- PROMPT
What is the number of lines in the entries that contain the word "eqxx"? Answer with that figure alone.

- INFORMATION

(* Let $I_H=\{1,\dots,N\}$ and $I_O=\{1,\dots,M\}$, let $\mathcal{H}$ be an $N$-dimensional Hilbert space with orthonormal basis $\{|i\rangle\}_{i\in I_H}$ and $\mathcal{K}$ an $M$-dimensional Hilbert space with orthonormal basis $\{|e_k\rangle\}_{k\in I_O}$. Fix $n$, a stochastic matrix $\Pi_n=(\Pi_{n;ij})_{i,j\in I_H}$ and an emission kernel $(Q^{(n)}_j(k))_{j\in I_H,k\in I_O}$ (nonnegative, $\sum_kQ^{(n)}_j(k)=1$). Define $V_{H;n}|i\rangle=\sum_{j}\sqrt{\Pi_{n;ij}}\,|i\rangle\otimes|j\rangle$, $V_{H,O;n}|j\rangle=\sum_{k}\sqrt{Q^{(n)}_j(k)}\,|j\rangle\otimes|e_k\rangle$, $\mathcal{E}_{H;n}(X)=V_{H;n}^*XV_{H;n}$ on $\mathcal{B}(\mathcal{H}\otimes\mathcal{H})$, $\mathcal{E}_{H,O;n}(Y)=V_{H,O;n}^*YV_{H,O;n}$ on $\mathcal{B}(\mathcal{H}\otimes\mathcal{K})$, and \[\mathcal{F}^{(n)}_{a_n,b_n}(a_{n+1})=\mathcal{E}_{H;n}\bigl(\mathcal{E}_{H,O;n}(a_n\otimes b_n)\otimes a_{n+1}\bigr),\qquad \mathcal{G}^{(n)}_{a_n,b_n}(a_{n+1})=\mathcal{E}_{H,O;n}\bigl(\mathcal{E}_{H;n}(a_n\otimes a_{n+1})\otimes b_n\bigr).\] If the observables are diagonal in the given bases, $a_n=\sum_i\alpha_i|i\rangle\langle i|$, $a_{n+1}=\sum_j\alpha'_j|j\rangle\langle j|$, $b_n=\sum_k\beta_k|e_k\rangle\langle e_k|$ with complex coefficients, then \[\mathcal{F}^{(n)}_{a_n,b_n}(a_{n+1})=\mathcal{G}^{(n)}_{a_n,b_n}(a_{n+1})=\sum_{i\in I_H}\alpha_i\Bigl(\sum_{k\in I_O}Q^{(n)}_i(k)\beta_k\Bigr)\Bigl(\sum_{j\in I_H}\Pi_{n;ij}\alpha'_j\Bigr)|i\rangle\langle i|.\]
   Context: A stochastic matrix has nonnegative entries with $\sum_j\Pi_{n;ij}=1$ for every $i$; the maps $V_{H;n},V_{H,O;n}$ are then isometries. $\mathcal{F}^{(n)}$ and $\mathcal{G}^{(n)}$ are the conventional (emission–then–transition) and causal (transition–then–emission) block maps of the hidden quantum Markov model obtained by entangled lifting of a classical hidden Markov model. *)

(* Complex numbers are R[i] = complex R over a real closed
   field R (e.g. the real numbers); operators on C^N are N x N matrices,
   acting on column vectors; |i>⊗|j> is the basis vector of index
   mxtens_index (i, j), consistent with the Kronecker product tensmx. *)
From HB Require Import structures.
From mathcomp Require Import all_boot all_order all_algebra.
From mathcomp Require Export mxtens complex.
Set Implicit Arguments. Unset Strict Implicit. Unset Printing Implicit Defensive.
Import Order.TTheory GRing.Theory Num.Theory.
Local Open Scope ring_scope.
Local Open Scope complex_scope.

Section Defs.
Variable R : rcfType.
Local Notation C := R[i].

Definition adjmx m n (A : 'M[C]_(m, n)) : 'M[C]_(n, m) :=
  (map_mx (fun z : C => Num.conj z) A)^T.

Definition stochastic m n (P : 'M[R]_(m, n)) : Prop :=
  (forall i j, 0 <= P i j) /\ (forall i, \sum_j P i j = 1).

Definition VH N (Pi : 'M[R]_N) : 'M[C]_(N * N, N) :=
  \sum_(i < N) \sum_(j < N)
     (Num.sqrt (Pi i j))%:C *: delta_mx (mxtens_index (i, j)) i.

Definition VHO N M (Q : 'M[R]_(N, M)) : 'M[C]_(N * M, N) :=
  \sum_(j < N) \sum_(k < M)
     (Num.sqrt (Q j k))%:C *: delta_mx (mxtens_index (j, k)) j.

Definition EH N (Pi : 'M[R]_N) (X : 'M[C]_(N * N)) : 'M[C]_N :=
  adjmx (VH Pi) *m X *m VH Pi.

Definition EHO N M (Q : 'M[R]_(N, M)) (Y : 'M[C]_(N * M)) : 'M[C]_N :=
  adjmx (VHO Q) *m Y *m VHO Q.

Definition Fmap N M (Pi : 'M[R]_N) (Q : 'M[R]_(N, M))
  (a : 'M[C]_N) (b : 'M[C]_M) (a' : 'M[C]_N) : 'M[C]_N :=
  EH Pi (EHO Q (a *t b) *t a').

Definition Gmap N M (Pi : 'M[R]_N) (Q : 'M[R]_(N, M))
  (a : 'M[C]_N) (b : 'M[C]_M) (a' : 'M[C]_N) : 'M[C]_N :=
  EHO Q (EH Pi (a *t a') *t b).

End Defs.

(* EH and EHO are compressions X |-> V^* X V by an entangled lifting
   V : |i> |-> sum_j sqrt(P_ij) |i>⊗|j>.  Since V maps |i> into
   span{|i>⊗|j>}, the compression of D ⊗ D' with D, D' diagonal is again
   diagonal, with i-th entry d_i * sum_j P_ij e_j: the square roots recombine
   into P_ij, which is the only place where nonnegativity is used.  Applying this twice, in
   either order, gives diagonal matrices whose entries differ only in the
   order of two scalar factors. *)
From HB Require Import structures.
From mathcomp Require Import all_boot all_order all_algebra.
From mathcomp Require Import mxtens complex.
Import Order.TTheory GRing.Theory Num.Theory.
Local Open Scope ring_scope.
Local Open Scope complex_scope.

Lemma mxtens_index_inj m n : injective (@mxtens_index m n).
Proof. exact: can_inj (@mxtens_indexK m n). Qed.

Lemma big_mxtens_index (V : nmodType) m n (F : 'I_(m * n) -> V) :
  \sum_k F k = \sum_(i < m) \sum_(j < n) F (mxtens_index (i, j)).
Proof.
rewrite pair_big (reindex (@mxtens_index m n)) /=; first by apply: eq_bigr => -[].
by exists (@mxtens_unindex m n) => k _; rewrite (mxtens_indexK, mxtens_unindexK).
Qed.

Lemma tensmx_diag (T : comPzRingType) m n (d : 'rV[T]_m) (e : 'rV[T]_n) :
  diag_mx d *t diag_mx e =
  diag_mx (\row_k (d 0 (@mxtens_unindex m n k).1 * e 0 (@mxtens_unindex m n k).2)).
Proof.
apply/matrixP => k k'.
case: k / (mxtens_indexP k) => i j; case: k' / (mxtens_indexP k') => i' j'.
rewrite tensmxE !mxE !mxtens_indexK (inj_eq (@mxtens_index_inj m n)) xpair_eqE.
by case: (i == i'); case: (j == j'); rewrite ?mulr0n ?mul0rn ?mulr1n ?mul0r ?mulr0.
Qed.

Section EntangledLifting.
Variable R : rcfType.
Local Notation C := R[i].

Lemma VHOE N K (P : 'M[R]_(N, K)) i j c :
  VHO P (mxtens_index (i, j)) c = (Num.sqrt (P i j))%:C *+ (i == c).
Proof.
rewrite /VHO summxE (bigD1 i) //= summxE (bigD1 j) //= !mxE eqxx /=.
rewrite [X in _ + X + _]big1 ?addr0 => [|j' j'j]; last first.
  by rewrite !mxE (inj_eq (@mxtens_index_inj N K)) xpair_eqE eqxx eq_sym (negbTE j'j) mulr0.
rewrite big1 ?addr0 => [|i' i'i]; first by rewrite mulr_natr eq_sym.
rewrite summxE big1 // => j' _.
by rewrite !mxE (inj_eq (@mxtens_index_inj N K)) xpair_eqE eq_sym (negbTE i'i) mulr0.
Qed.

Lemma EHO_tens_diag N K (P : 'M[R]_(N, K)) (d : 'I_N -> C) (e : 'I_K -> C) :
  (forall i j, 0 <= P i j) ->
  EHO P (diag_mx (\row_i d i) *t diag_mx (\row_j e j))
  = diag_mx (\row_i (d i * \sum_j (P i j)%:C * e j)).
Proof.
move=> P_ge0; have conj_real (x : R) : Num.conj x%:C = x%:C := conjc_real x.
rewrite /EHO tensmx_diag mul_mx_diag; apply/matrixP => c c'.
rewrite mxE big_mxtens_index.
under eq_bigr => i _ do under eq_bigr => j _ do rewrite !mxE mxtens_indexK !VHOE.
rewrite (bigD1 c) //= [X in _ + X]big1 ?addr0 => [|i ic]; last first.
  by apply: big1 => j _; rewrite (negbTE ic) mulr0n conjC0 !mul0r.
rewrite !mxE eqxx; case: (c == c'); last first.
  by rewrite mulr0n big1 // => j _; rewrite mulr0n mulr0.
rewrite mulr1n mulr_sumr; apply: eq_bigr => j _.
by rewrite !mulr1n conj_real mulrAC -rmorphM -expr2 sqr_sqrtr // mulrCA.
Qed.

(* [VH Pi] and [VHO Pi] have the same body, so [EH Pi] is [EHO Pi]. *)
Lemma EH_tens_diag N (Pi : 'M[R]_N) (d e : 'I_N -> C) :
  (forall i j, 0 <= Pi i j) ->
  EH Pi (diag_mx (\row_i d i) *t diag_mx (\row_j e j))
  = diag_mx (\row_i (d i * \sum_j (Pi i j)%:C * e j)).
Proof. exact: EHO_tens_diag. Qed.

End EntangledLifting.

Theorem mainTheorem4 (R : rcfType) (N M : nat)
  (Pi : 'M[R]_N) (Q : 'M[R]_(N, M))
  (hPi : stochastic Pi) (hQ : stochastic Q)
  (alpha alpha' : 'I_N -> R[i]) (beta : 'I_M -> R[i]) :
  let a := diag_mx (\row_i alpha i) in
  let a' := diag_mx (\row_j alpha' j) in
  let b := diag_mx (\row_k beta k) in
  Fmap Pi Q a b a' = Gmap Pi Q a b a' /\
  Gmap Pi Q a b a' =
    \sum_(i < N) (alpha i * (\sum_(k < M) (Q i k)%:C * beta k)
                          * (\sum_(j < N) (Pi i j)%:C * alpha' j))
                 *: delta_mx i i.
Proof.
move=> a a' b; case: hPi => Pi_ge0 _; case: hQ => Q_ge0 _.
pose D := diag_mx (\row_i (alpha i * (\sum_(k < M) (Q i k)%:C * beta k)
                                * (\sum_(j < N) (Pi i j)%:C * alpha' j))).
have F_diag : Fmap Pi Q a b a' = D.
  by rewrite /Fmap EHO_tens_diag // EH_tens_diag.
have G_diag : Gmap Pi Q a b a' = D.
  rewrite /Gmap EH_tens_diag // EHO_tens_diag //.
  by rewrite /D; congr diag_mx; apply/rowP => i; rewrite !mxE mulrAC.
split; first by rewrite F_diag G_diag.
by rewrite G_diag /D diag_mx_sum_delta; apply: eq_bigr => i _; rewrite mxE.
Qed.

- SOLUTION FOR THIS PROBLEM
3